As promotorias do Meio Ambiente e da Ordem Urbanística de Porto Alegre afirmam que pretendem questionar a lei na Justiça se for sancionada pelo futuro prefeito Sebastião Melo. No entendimento das duas promotorias, como o novo projeto é igual ao suspenso, não deveria sequer ter ido a votação. Na retomada da pauta, foi realizada audiência pública virtual em 25 de novembro. O MP tentou impedir a realização do encontro, sem sucesso. A matéria foi aprovada posteriormente em plenário por 24 votos a 11. Procurado por GZH, Sebastião Melo disse que pretende submeter o projeto à secretaria de Urbanismo antes de decidir se irá sancioná-lo.
Para o advogado da Arado Empreendimentos, Ricardo Fortes, a postura do MP "causa estranheza". Ele argumenta que o que foi questionado no passado foi a ausência de audiência pública e não o teor do projeto:
– Jamais foi questionada qualquer questão de mérito da lei anterior. O que o Ministério Público queria, a Câmara foi lá e fez. O MP questionava que a audiência pública deveria se dar durante a tramitação na casa legislativa, e isso foi suprido.
Sendo a lei sancionada, a intenção da empresa é dar prosseguimento aos trâmites para a implantação do empreendimento na área. Segundo o advogado, não há planos de adaptação do projeto caso a norma seja barrada novamente. A empresa diz que as construções ficarão concentradas em um terço do terreno. Os outros dois terços serão mantidos como estão, preservando a paisagem natural.
Reintegração foi suspensa
Pelo Plano Diretor, a propriedade de 426 hectares está em uma área de "ocupação rarefeita", o que limita construções de grande porte – que podem aumentar o adensamento da região. Alterar as regras do plano, no entanto, não é o único obstáculo para viabilizar a intervenção no local.

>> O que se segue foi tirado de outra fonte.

(* Let $p$ be a prime and let $Q\in\mathbb{Q}_p[X_1,\dots,X_n]$ be a nonsingular quadratic form which is anisotropic over $\mathbb{Q}_p$. Then the set $R(Q(\mathbb{Z}^n))$ is dense in $\mathbb{Q}_p$ if and only if $n\geq 3$.
   Context: A quadratic form $Q=\sum_{i,j}a_{ij}X_iX_j$ ($a_{ij}=a_{ji}$, not all zero) is nonsingular if $\det[a_{ij}]\neq 0$; it is anisotropic over $\mathbb{Q}_p$ if $Q(\mathbf{x})\neq 0$ for every nonzero $\mathbf{x}\in\mathbb{Q}_p^n$. For a subset $A$ of a field, $R(A)=\{a/b: a,b\in A,\ b\neq 0\}$. $Q(\mathbb{Z}^n)=\{Q(\mathbf{x}):\mathbf{x}\in\mathbb{Z}^n\}$. Density is with respect to the $p$-adic topology. *)

(* Q_p is characterized axiomatically as the completion of Q
   w.r.t. the p-adic valuation (unique up to isometric isomorphism). *)
From HB Require Import structures.
From mathcomp Require Import all_boot all_order all_algebra.
Set Implicit Arguments. Unset Strict Implicit. Unset Printing Implicit Defensive.
Import Order.TTheory GRing.Theory Num.Theory.
Local Open Scope ring_scope.

Definition rat_pval (p : nat) (q : rat) : int :=
  (logn p `|numq q|%N)%:Z - (logn p `|denq q|%N)%:Z.

Definition vclose (K : fieldType) (v : K -> int) (m : int) (x y : K) : Prop :=
  x = y \/ m <= v (x - y).

(* A field K with a discrete valuation v (v 0 is irrelevant) that is
   a completion of Q for the p-adic valuation: this is Q_p up to
   isometric isomorphism. *)
Record padic_field (p : nat) (K : fieldType) := PadicField {
  pval : K -> int;
  pval_mul : forall x y : K, x != 0 -> y != 0 -> pval (x * y) = pval x + pval y;
  pval_add : forall x y : K, x != 0 -> y != 0 -> x + y != 0 ->
               Num.min (pval x) (pval y) <= pval (x + y);
  pval_rat : forall q : rat, q != 0 ->
               ratr q != 0 :> K /\ pval (ratr q) = rat_pval p q;
  rat_dense : forall (x : K) (m : int), exists q : rat, vclose pval m x (ratr q);
  complete : forall s : nat -> K,
    (forall m : int, exists N, forall i j, (N <= i)%N -> (N <= j)%N ->
        vclose pval m (s i) (s j)) ->
    exists l : K, forall m : int, exists N, forall i, (N <= i)%N -> vclose pval m (s i) l
}.

Definition qform (K : fieldType) (n : nat) (A : 'M[K]_n) (x : 'I_n -> K) : K :=
  \sum_(i < n) \sum_(j < n) A i j * x i * x j.

Definition anisotropic (K : fieldType) (n : nat) (A : 'M[K]_n) : Prop :=
  forall x : 'I_n -> K, (exists i, x i != 0) -> qform A x != 0.

Definition qvalues_Z (K : fieldType) (n : nat) (A : 'M[K]_n) : K -> Prop :=
  fun a => exists x : 'I_n -> int, a = qform A (fun i => (x i)%:~R).

Definition ratio_set (K : fieldType) (S : K -> Prop) : K -> Prop :=
  fun c => exists a b, S a /\ S b /\ b != 0 /\ c = a / b.

Definition pdense (p : nat) (K : fieldType) (V : padic_field p K) (S : K -> Prop) : Prop :=
  forall (y : K) (m : int), exists c, S c /\ vclose (pval V) m y c.

(* For n >= 3 we only use the first three coordinates.  Completing squares
   reduces to a diagonal anisotropic ternary form, and then every nonzero
   t in Q_p is a ratio of two of its values over Q_p: for odd p because a
   binary form with unit coefficients represents every unit (count squares
   mod p, then Hensel), for p = 2 by a finite search over the eight square
   classes.  Scaling the arguments by p^N makes them integral, and
   approximating them by integers approximates the ratio.  Conversely, a
   ratio close enough to c0 is c0 times a square, so density fails as soon as
   some c0 is never a ratio of values over Q_p.  For n = 1 the ratios are
   squares and miss p; for n = 2 they are the values of the norm form
   X^2 + D Y^2 with -D not a square, which misses a whole square class. *)

From mathcomp Require Import all_boot all_order all_algebra.
From mathcomp Require Import zify ring.
Set Implicit Arguments. Unset Strict Implicit. Unset Printing Implicit Defensive.
Import Order.TTheory GRing.Theory Num.Theory.

Section SquaresModp.
Variables (p : nat) (hp : prime p) (p_odd : odd p).

Lemma sqr_mod_half (z : nat) : exists2 x, x <= p./2 & z ^ 2 = x ^ 2 %[mod p].
Proof.
set r := z %% p.
have zr : z ^ 2 = r ^ 2 %[mod p] by rewrite modnXm.
case: (leqP r p./2) => hr; first by exists r.
have [s ps] : exists s, p = s + r by exists (p - r); rewrite subnK // ltnW ?ltn_pmod ?prime_gt0.
exists s; first lia.
have e : s ^ 2 + (2 * r) * p = p * p + r ^ 2 by rewrite ps; ring.
by rewrite zr -(modnMDl (2 * r) (s ^ 2)) addnC e modnMDl.
Qed.

Lemma sqr_mod_inj (c x y : nat) : ~~ (p %| c) ->
  x <= p./2 -> y <= p./2 -> c * x ^ 2 = c * y ^ 2 %[mod p] -> x = y.
Proof.
move=> hc.
wlog hyx : x y / y <= x.
  move=> H hx hy e; case: (leqP y x) => h; first exact: H.
  by apply/esym; apply: H => //; lia.
move=> hx hy /eqP; rewrite eqn_mod_dvd; last by rewrite leq_mul2l leq_exp2r // hyx orbT.
rewrite -mulnBr Gauss_dvdr; last by rewrite prime_coprime.
rewrite subn_sqr Euclid_dvdM // => /orP [] /dvdn_leq; lia.
Qed.

Lemma injective_images_meet (h n : nat) (f g : 'I_h -> 'I_n) :
  injective f -> injective g -> n < h + h -> exists x y, f x = g y.
Proof.
move=> hf hg hn.
set A := [set f x | x : 'I_h]; set B := [set g x | x : 'I_h].
have cA : #|A| = h by rewrite card_imset // card_ord.
have cB : #|B| = h by rewrite card_imset // card_ord.
case: (set_0Vmem (A :&: B)) => [AB0|[z]].
  have := cardsU A B; rewrite AB0 cards0 subn0 cA cB => cAB.
  by have := max_card (A :|: B); rewrite cAB card_ord; lia.
by rewrite inE => /andP [/imsetP [x _ ->] /imsetP [y _ e]]; exists x, y.
Qed.

(* The sets {c1 x^2} and {w - c2 y^2}, x, y <= (p-1)/2, both have (p+1)/2
   elements modulo p, so they meet. *)
Lemma sum_two_squares_mod (c1 c2 w : nat) : ~~ (p %| c1) -> ~~ (p %| c2) ->
  exists x y : nat, c1 * x ^ 2 + c2 * y ^ 2 = w %[mod p].
Proof.
move=> h1 h2.
have p_gt0 := prime_gt0 hp.
pose f (x : 'I_(p./2).+1) : 'I_p := Ordinal (ltn_pmod (c1 * x ^ 2) p_gt0).
pose g (x : 'I_(p./2).+1) : 'I_p :=
  Ordinal (ltn_pmod (w + (p - 1) * c2 * x ^ 2) p_gt0).
have hf : injective f.
  move=> x y /(congr1 val) /= e; apply: val_inj.
  by apply: (sqr_mod_inj h1) e; rewrite -ltnS ltn_ord.
have hc2 : ~~ (p %| (p - 1) * c2).
  rewrite Euclid_dvdM // negb_or h2 andbT.
  by apply/negP => /dvdn_leq; have := prime_gt1 hp; lia.
have hg : injective g.
  move=> x y /(congr1 val) /= /eqP; rewrite eqn_modDl => /eqP e; apply: val_inj.
  by apply: (sqr_mod_inj hc2) e; rewrite -ltnS ltn_ord.
have [x [y /(congr1 val) /= e]] := injective_images_meet hf hg ltac:(lia).
exists x, y; rewrite -modnDml e modnDml -mulnA.
set k := c2 * _ ^ 2.
have -> : w + (p - 1) * k + k = k * p + w.
  by rewrite -addnA -mulSnr subn1 prednK // addnC mulnC.
by rewrite modnMDl.
Qed.

Lemma exists_nonsquare_mod :
  exists e, ~~ (p %| e) /\ forall z, e != z ^ 2 %[mod p].
Proof.
have p_gt0 := prime_gt0 hp.
pose f (x : 'I_(p./2).+1) : 'I_p := Ordinal (ltn_pmod (x ^ 2) p_gt0).
set A := [set f x | x : 'I_(p./2).+1].
have cA : #|A| <= p./2.+1 by rewrite (leq_trans (leq_imset_card _ _)) // card_ord.
have [e eA] : exists e : 'I_p, e \notin A.
  apply/existsP; rewrite -negb_forall; apply/negP => /forallP allA.
  have : #|'I_p| <= #|A| by apply/subset_leq_card/subsetP => y _; apply: allA.
  have p_gt2 : 2 < p by case: (p) (prime_gt1 hp) p_odd => [|[|[|q]]].
  by rewrite card_ord; lia.
have nsq z : z ^ 2 %% p != e.
  apply: contraNneq eA => ez; have [x hx zx] := sqr_mod_half z.
  by apply/imsetP; exists (Ordinal (hx : x < p./2.+1)) => //; apply: val_inj; rewrite /= -ez zx.
exists e; split => [|z]; last by rewrite (modn_small (ltn_ord e)) eq_sym.
apply: contraNN (nsq 0); rewrite /dvdn (modn_small (ltn_ord e)) => /eqP e0.
by rewrite e0 mod0n.
Qed.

Um grupo de moradores e ambientalistas contrários ao projeto tem questionado, nos últimos anos, possíveis impactos urbanísticos e ambientais da instalação do empreendimento. O assunto também é analisado pelas promotorias de Defesa do Meio Ambiente e de Habitação e Ordem Urbanística de Porto Alegre.
Contrária ao projeto, a advogada Michele Rodrigues, moradora do bairro Belém Novo, participou da audiência pública virtual realizada em novembro. Lamentou a aprovação da proposta, que, na sua avaliação, carece de um debate mais amplo com a sociedade.
– É complicado debater virtualmente assuntos tão complexos. Parece que estão tentando empurrar goela abaixo a visão do empreendedor. Acho que falta um debate franco sobre esse tema, que é muito denso. A população sai perdendo da forma como foi aprovada essa lei – disse a advogada, que espera que o Ministério Público intervenha caso a lei seja sancionada.
Outro capítulo tenso envolvendo a Ponta do Arado teve início em 2018, quando um grupo de indígenas se instalou na área, reivindicando direito histórico e religioso sobre ela. Em 2019, a Arado Empreendimentos conseguiu junto à Justiça liminar que determinava a reintegração de posse da área, mas a decisão foi suspensa menos de um mês depois pelo desembargador federal Rogerio Favreto, do Tribunal Regional Federal da 4ª Região (TRF4).
Em fevereiro deste ano, o mesmo desembargador determinou que a União e a Fundação Nacional do Índio (Funai) façam estudos antropológicos complementares de identificação e delimitação de áreas de ocupação tradicional indígena na localidade. Com a chegada da pandemia de coronavírus, o processo foi suspenso, sem previsão de retomada.
Por e-mail, a Funai informou que aguarda pela retomada do processo para iniciar os estudos. Acrescentou, ainda, que, "em respeito às medidas sanitárias necessárias, os trabalhos de campo, essenciais para conclusão de processos demarcatórios, foram provisoriamente suspensos".